Attached is vmatch2.sas, which contains the necessary modifications to run OPTNET instead of ASSIGN.

Giamma14
Fluorite | Level 6

Thanks again,

I will be able to try when the installation is over. With Proc Assign I got errors when the distance for a combination of pair - control was set to missing (due to the control not being allowed for that particolar case).
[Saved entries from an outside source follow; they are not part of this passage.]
(* Let $M$ be a transversal matroid with presentation $\mathcal A=(A_1,\ldots,A_r)$. Let $i\in[r]$ and let $B_i\subseteq E(M)$ with $\mathrm{cl}^*(B_i)=\mathrm{cl}^*(A_i)$. Suppose further that for every $B\subseteq E(M)$ with $B_i\subseteq B$ and $A_i\not\subseteq B$, we have $r^*_M(B)<|B|-|\mathcal A(B)|$. Then $(A_1,\ldots,A_{i-1},B_i,A_{i+1},\ldots,A_r)$ is a presentation of $M$.
   Context: A presentation $\mathcal A$ of a transversal matroid $M$ means $M=M[\mathcal A]$, whose independent sets are the partial transversals of $\mathcal A$. $\mathrm{cl}^*$ and $r^*_M$ are the closure and rank functions of the dual $M^*$. For $X\subseteq E(M)$, $\mathcal A(X)=\{j\in[r]: A_j\subseteq X\}$. *)

From mathcomp Require Import all_boot.
Set Implicit Arguments. Unset Strict Implicit. Unset Printing Implicit Defensive.

Section Transversal.
Variable E : finType.

Definition ptrans (r : nat) (A : 'I_r -> {set E}) (X : {set E}) : Prop :=
  exists f : E -> option 'I_r,
    (forall x, x \in X -> exists j, f x = Some j /\ x \in A j) /\
    {in X &, injective f}.

Definition is_presentation (indep : pred {set E}) (r : nat)
  (A : 'I_r -> {set E}) : Prop :=
  forall X : {set E}, indep X <-> ptrans A X.

Definition mrank (indep : pred {set E}) (X : {set E}) : nat :=
  \max_(Y : {set E} | (Y \subset X) && indep Y) #|Y|.

Definition dual_rank (indep : pred {set E}) (X : {set E}) : nat :=
  #|X| + mrank indep (~: X) - mrank indep setT.

Definition dual_cl (indep : pred {set E}) (X : {set E}) : {set E} :=
  [set e | dual_rank indep (e |: X) == dual_rank indep X].

Definition contained_idx (r : nat) (A : 'I_r -> {set E}) (X : {set E})
  : {set 'I_r} := [set j | A j \subset X].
Does Proc Optnet allow for missing?

Thanks,

Gianmario

RobPratt
SAS Super FREQ

Both PROC ASSIGN and PROC OPTNET allow missing values to represent ineligibility.  What errors did you get?

Giamma14
Fluorite | Level 6

Hi Rob,

here it is:

WARNING: The datum in observation 1 for variable control3693 has a nonzero fractional part after scaling by 1000.
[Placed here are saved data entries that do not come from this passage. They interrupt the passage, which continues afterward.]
(* Necessity: if rho = sum_k p_k A_k (x) B_k, the row sums of the partial transpose of
   rho are sum_k p_k (1^T A_k)(B_k 1), with total sum_k p_k (1^T A_k 1)(1^T B_k 1) = 1^T rho 1,
   which vanishes since the rows of a Laplacian sum to zero.  Positivity of each summand
   then kills every row sum of the partial transpose, and at the vertex u that row sum of
   L(G) is deg_G u - deg_Gamma(G) u.

   Sufficiency (for a row stratified G; the column case follows by transposing the grid):
   L(G) is the sum over edges uv of (d_u - d_v)(d_u - d_v)^*, a product state when uv is
   not diagonal.  Comparing the degrees of G and Gamma(G) row by row shows that at every
   vertex as many diagonal edges go down in G as in Gamma(G); hence a permutation of the
   downward diagonal edges chains them into closed zigzags
   (i,c_0)(i+1,c_1), (i,c_1)(i+1,c_2), ..., (i,c_(r-1))(i+1,c_0),
   and by discrete Fourier analysis with a primitive r-th root of unity the Laplacian of
   such a zigzag is a sum of r product terms. *)

From HB Require Import structures.
From mathcomp Require Import all_boot all_order all_algebra all_fingroup.
From mathcomp Require cyclic separable cyclotomic.
From mathcomp Require Import ring zify.
Set Implicit Arguments. Unset Strict Implicit. Unset Printing Implicit Defensive.
Import Order.TTheory GRing.Theory Num.Theory.
Local Open Scope ring_scope.

Lemma card_set_sum (X : finType) (P : pred X) : #|[set x | P x]| = (\sum_x P x)%N.
Proof. by rewrite -sum1dep_card big_mkcond. Qed.

Lemma sum_pair_fst_eq (Y Z : finType) (y0 : Y) (G : Y -> Z -> bool) :
  (\sum_(e : Y * Z) ((e.1 == y0) && G e.1 e.2) = \sum_z G y0 z)%N.
Proof.
rewrite -(pair_bigA _ (fun y z => ((y == y0) && G y z : nat))) (bigD1 y0) //=.
rewrite [X in (_ + X)%N]big1 ?addn0; first by apply: eq_bigr => z _; rewrite eqxx.
by move=> y /negbTE y_neq; rewrite big1 // => z _; rewrite y_neq.
Qed.

Lemma sum_shift_periodic (V : zmodType) r (F : nat -> V) :
  (forall s, F (s + r)%N = F s) -> \sum_(s < r) F s.+1 = \sum_(s < r) F s.
Proof.
case: r F => [|n] F Fper; first by rewrite !big_ord0.
by rewrite big_ord_recr big_ord_recl /= -[n.+1]add0n Fper addrC.
Qed.

Definition swap_pair (A B : Type) (x : A * B) : B * A := (x.2, x.1).

Lemma swap_pairK (A B : Type) : cancel (@swap_pair A B) (@swap_pair B A).
Proof. by case. Qed.

Lemma perm_of_card_fibers (X : finType) (B : eqType) (f1 f2 : X -> B) :
  (forall y, #|[set x | f1 x == y]| = #|[set x | f2 x == y]|) ->
  exists s : {perm X}, forall x, f2 (s x) = f1 x.
Proof.
move=> card_fibers.
pose fib1 y := enum [set x | f1 x == y].
pose fib2 y := enum [set x | f2 x == y].
pose g x := nth x (fib2 (f1 x)) (index x (fib1 (f1 x))).
have x_fib1 x : x \in fib1 (f1 x) by rewrite mem_enum inE.
have idx_lt1 x : (index x (fib1 (f1 x)) < size (fib1 (f1 x)))%N by rewrite index_mem.
have idx_lt2 x : (index x (fib1 (f1 x)) < size (fib2 (f1 x)))%N.
  by rewrite /fib2 -cardE -card_fibers cardE.
have f2g x : f2 (g x) = f1 x.
  by have := mem_nth x (idx_lt2 x); rewrite mem_enum inE => /eqP.
have g_inj : injective g.
  move=> x x' gxx'.
  have f1x : f1 x = f1 x' by rewrite -f2g gxx' f2g.
  have same_idx : index x (fib1 (f1 x)) = index x' (fib1 (f1 x)).
    have := index_uniq x (idx_lt2 x) (enum_uniq _).
    have := index_uniq x' (idx_lt2 x') (enum_uniq _).
    by rewrite -/(g x) -/(g x') -f1x gxx' => <- <-; rewrite f1x.
  rewrite -(nth_index x (x_fib1 x)) same_idx (set_nth_default x' x) ?f1x ?idx_lt1 //.
  by rewrite nth_index // -f1x.
by exists (perm g_inj) => x; rewrite permE.
Qed.

Lemma perm_expg_inv (X : finType) (D : pred X) (pi : {perm X}) s e :
  (forall e, D (pi e) = D e) -> D ((pi ^+ s)%g e) = D e.
Proof.
by move=> D_pi; elim: s => [|s IHs]; rewrite ?expg0 ?perm1 // expgSr permM D_pi.
Qed.

Lemma sum_perm_powers (X : finType) (V : zmodType) (D : pred X) (pi : {perm X}) n
    (F : X -> V) : (forall e, D (pi e) = D e) ->
  \sum_(e | D e) \sum_(s < n) F ((pi ^+ s)%g e) = (\sum_(e | D e) F e) *+ n.
Proof.
move=> D_pi; rewrite exchange_big /= (eq_bigr (fun _ => \sum_(e | D e) F e)).
  by rewrite sumr_const card_ord.
move=> s _; rewrite [RHS](reindex_inj (@perm_inj _ (pi ^+ s)%g)) /=.
by apply: eq_bigl => e; rewrite perm_expg_inv.
Qed.

Section PositiveSemidefinite.
Variable C : numClosedFieldType.

Lemma sum_mul_eq_delta (X : finType) (f : X -> C) x0 :
  \sum_x f x * (x == x0)%:R = f x0.
Proof.
rewrite (bigD1 x0) //= eqxx mulr1 big1 ?addr0 // => x /negbTE->.
by rewrite mulr0.
Qed.

Lemma real_quadratic_ge0_eq0 (x d : C) : 0 <= d ->
  (forall t : C, t \is Num.real -> 0 <= t * x + t ^+ 2 * d) -> x = 0.
Proof.
move=> d_ge0 H.
have d1_gt0 : 0 < d + 1 by rewrite ltr_wpDl.
have d1_neq0 : d + 1 != 0 by rewrite gt_eqF.
have xr : x \is Num.real.
  have := H 1 (rpred1 _); rewrite mul1r expr1n mul1r => /ger0_real xd_r.
  by rewrite -(addrK d x) rpredB // ger0_real.
pose t := - x / (d + 1).
have tr : t \is Num.real by rewrite /t rpredM ?rpredN ?rpredV // gtr0_real.
have := H t tr.
have -> : t * x + t ^+ 2 * d = - (x * x^* / (d + 1) ^+ 2).
  by rewrite (CrealP xr) /t; field.
rewrite oppr_ge0 => le0; apply/eqP; rewrite -mul_conjC_eq0.
have : x * x^* / (d + 1) ^+ 2 == 0.
  by rewrite eq_le le0 divr_ge0 ?mul_conjC_ge0 ?exprn_ge0 ?ltW.
by rewrite mulf_eq0 invr_eq0 expf_eq0 (negbTE d1_neq0) andbF orbF.
Qed.

(* Testing with real t and with purely imaginary t isolates p + q and p - q. *)
Lemma quadratic_ge0_eq0 (p q d : C) : 0 <= d ->
  (forall t : C, 0 <= t * p + t^* * q + t * t^* * d) -> p = 0 /\ q = 0.
Proof.
move=> d_ge0 H.
have pDq : p + q = 0.
  apply: (real_quadratic_ge0_eq0 d_ge0) => t /CrealP tc.
  by have := H t; rewrite tc; congr (0 <= _); ring.
have pBq : 'i * (p - q) = 0.
  apply: (real_quadratic_ge0_eq0 d_ge0) => t /CrealP tc.
  have := H ('i * t); rewrite rmorphM /= tc conjCi.
  have -> : 'i * t * (- 'i * t) = t ^+ 2.
    by rewrite -[RHS]mul1r -(opprK 1) -sqrCi; ring.
  by congr (0 <= _); ring.
have {pBq}pBq : p - q = 0.
  by move/eqP: pBq; rewrite mulf_eq0 (negbTE (neq0Ci C)) => /eqP.
have p0 : p = 0.
  have : p *+ 2 = 0 by rewrite mulr2n -{1}(subrK q p) pBq add0r addrC.
  by move/eqP; rewrite mulrn_eq0 => /eqP.
by split=> //; move: pDq; rewrite p0 add0r.
Qed.

Definition qform n (A : 'M[C]_n) (v : 'I_n -> C) :=
  \sum_i \sum_j v i * A i j * (v j)^*.

Lemma psd_qform_ge0 n (A : 'M[C]_n) v : psd A -> 0 <= qform A v.
Proof.
move/(_ (\row_i v i)); rewrite [X in 0 <= X]mxE /qform exchange_big /=.
congr (0 <= _); apply: eq_bigr => j _; rewrite !mxE mulr_suml.
by apply: eq_bigr => i _; rewrite !mxE.
Qed.

Lemma psd_diag_ge0 n (A : 'M[C]_n) i : psd A -> 0 <= A i i.
Proof.
move/(psd_qform_ge0 (fun k => (k == i)%:R)).
rewrite /qform (eq_bigr (fun k => A k i * (k == i)%:R)) ?sum_mul_eq_delta // => k _.
rewrite (eq_bigr (fun l => (k == i)%:R * A k l * (l == i)%:R)) ?sum_mul_eq_delta.
  by rewrite mulrC.
by move=> l _; rewrite conjC_nat.
Qed.

Lemma qform_add_delta n (A : 'M[C]_n) v t i :
  qform A (fun k => v k + t * (k == i)%:R) =
  qform A v + t * \sum_j A i j * (v j)^* + t^* * \sum_k v k * A k i + t * t^* * A i i.
Proof.
rewrite /qform.
transitivity (\sum_k \sum_l (v k * A k l * (v l)^* + t * (A k l * (v l)^*) * (k == i)%:R
   + t^* * (v k * A k l) * (l == i)%:R + t * t^* * A k l * (l == i)%:R * (k == i)%:R)).
  apply: eq_bigr => k _; apply: eq_bigr => l _.
  by rewrite rmorphD rmorphM /= conjC_nat; ring.
under eq_bigr do rewrite !big_split /=.
rewrite !big_split /=; congr (_ + _ + _ + _).
- rewrite -(sum_mul_eq_delta (fun k => t * \sum_j A k j * (v j)^*) i) /=.
  by apply: eq_bigr => k _; rewrite mulr_sumr mulr_suml.
- by rewrite mulr_sumr; apply: eq_bigr => k _; rewrite sum_mul_eq_delta.
- rewrite -(sum_mul_eq_delta (fun k => t * t^* * A k i) i).
  by apply: eq_bigr => k _; rewrite -mulr_suml sum_mul_eq_delta.
Qed.

Lemma psd_qform_eq0 n (A : 'M[C]_n) v : psd A -> qform A v = 0 ->
  (forall i, \sum_j A i j * (v j)^* = 0) /\ (forall i, \sum_k v k * A k i = 0).
Proof.
move=> psdA qv0.
suff zero_at i : \sum_j A i j * (v j)^* = 0 /\ \sum_k v k * A k i = 0.
  by split=> i; case: (zero_at i).
apply: (quadratic_ge0_eq0 (psd_diag_ge0 i psdA)) => t.
by have := psd_qform_ge0 (fun k => v k + t * (k == i)%:R) psdA; rewrite qform_add_delta qv0 add0r.
Qed.

Lemma qform1 n (A : 'M[C]_n) : qform A (fun=> 1) = \sum_i \sum_j A i j.
Proof.
by apply: eq_bigr => i _; apply: eq_bigr => j _; rewrite conjC1 mulr1 mul1r.
Qed.

Lemma psd_sum_ge0 n (A : 'M[C]_n) : psd A -> 0 <= \sum_i \sum_j A i j.
Proof. by rewrite -qform1; apply: psd_qform_ge0. Qed.

Lemma psd_sum_eq0 n (A : 'M[C]_n) : psd A -> \sum_i \sum_j A i j = 0 ->
  (forall i, \sum_j A i j = 0) /\ (forall j, \sum_i A i j = 0).
Proof.
rewrite -qform1 => psdA /(psd_qform_eq0 psdA)[rows cols]; split=> i.
  by rewrite -[RHS](rows i); apply: eq_bigr => j _; rewrite conjC1 mulr1.
by rewrite -[RHS](cols i); apply: eq_bigr => j _; rewrite mul1r.
Qed.
End PositiveSemidefinite.

Section RankOne.
Variable C : numClosedFieldType.

Definition sqnorm n (x : 'I_n -> C) := \sum_i x i * (x i)^*.

Lemma sqnorm_ge0 n (x : 'I_n -> C) : 0 <= sqnorm x.
Proof. by apply: sumr_ge0 => i _; apply: mul_conjC_ge0. Qed.

Lemma sqnorm_eq0 n (x : 'I_n -> C) : sqnorm x = 0 -> forall i, x i = 0.
Proof.
move=> x0 i; apply/eqP; rewrite -mul_conjC_eq0; apply/eqP.
by apply: (@psumr_eq0P _ _ predT (fun i => x i * (x i)^*)) => // j _; apply: mul_conjC_ge0.
Qed.

Definition rank1 n (x : 'I_n -> C) : 'M[C]_n := \matrix_(i, j) (x i * (x j)^*).

Lemma density_rank1 n (x : 'I_n -> C) :
  sqnorm x != 0 -> density ((sqnorm x)^-1 *: rank1 x).
Proof.
move=> x_neq0; split.
  move=> w; set z := \sum_i w 0 i * x i.
  have -> : (w *m ((sqnorm x)^-1 *: rank1 x) *m (map_mx Num.conj w)^T) 0 0 =
      (sqnorm x)^-1 * (z * z^*).
    rewrite mxE rmorph_sum /= !mulr_sumr; apply: eq_bigr => j _.
    rewrite !mxE !mulr_suml mulr_sumr; apply: eq_bigr => i _.
    by rewrite !mxE rmorphM /=; ring.
  by rewrite mulr_ge0 ?invr_ge0 ?sqnorm_ge0 ?mul_conjC_ge0.
rewrite mxtraceZ /mxtrace (eq_bigr (fun i => x i * (x i)^*)) ?mulVf // => i _.
by rewrite mxE.
Qed.
End RankOne.

Lemma exists_prim_root (C : numClosedFieldType) n :
  (0 < n)%N -> exists z : C, n.-primitive_root z.
Proof.
pose p : {poly C} := 'X^n - 1; have [r Dp] := closed_field_poly_normal p.
move=> n_gt0; rewrite (monicP _) ?monicXnsubC // scale1r in Dp.
have rn1 : all n.-unity_root r by apply/allP=> z; rewrite -root_prod_XsubC -Dp.
have sz_r : (n < (size r).+1)%N.
  by rewrite -(size_prod_XsubC r id) -Dp size_XnsubC.
have [|z] := hasP (cyclic.has_prim_root n_gt0 rn1 _ sz_r); last by exists z.
rewrite -separable.separable_prod_XsubC -Dp cyclotomic.separable_Xn_sub_1 //.
by rewrite pnatr_eq0 -lt0n.
Qed.

Section RootsOfUnity.
Variables (C : numClosedFieldType) (r : nat) (w : C).
Hypothesis prim : r.-primitive_root w.

Lemma prim_root_conj_mul k : (w ^+ k)^* * w ^+ k = 1.
Proof.
have r_gt0 := prim_order_gt0 prim.
have : `|w| ^+ r = 1 by rewrite -normrX prim_expr_order // normr1.
move/eqP; rewrite pexpr_eq1 // => /eqP w1.
by rewrite mulrC -normCK normrX w1 expr1n expr1n.
Qed.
WARNING: The datum in observation 1 for variable control4681 has a nonzero fractional part after scaling by 1000.

WARNING: The datum in observation 1 for variable control7565 has a nonzero fractional part after scaling by 1000.

WARNING: The datum in observation 1 for variable control10922 has a nonzero fractional part after scaling by 1000.

WARNING: The datum in observation 2 for variable control4749 has a nonzero fractional part after scaling by 1000.

WARNING: The datum in observation 2 for variable control6059 has a nonzero fractional part after scaling by 1000.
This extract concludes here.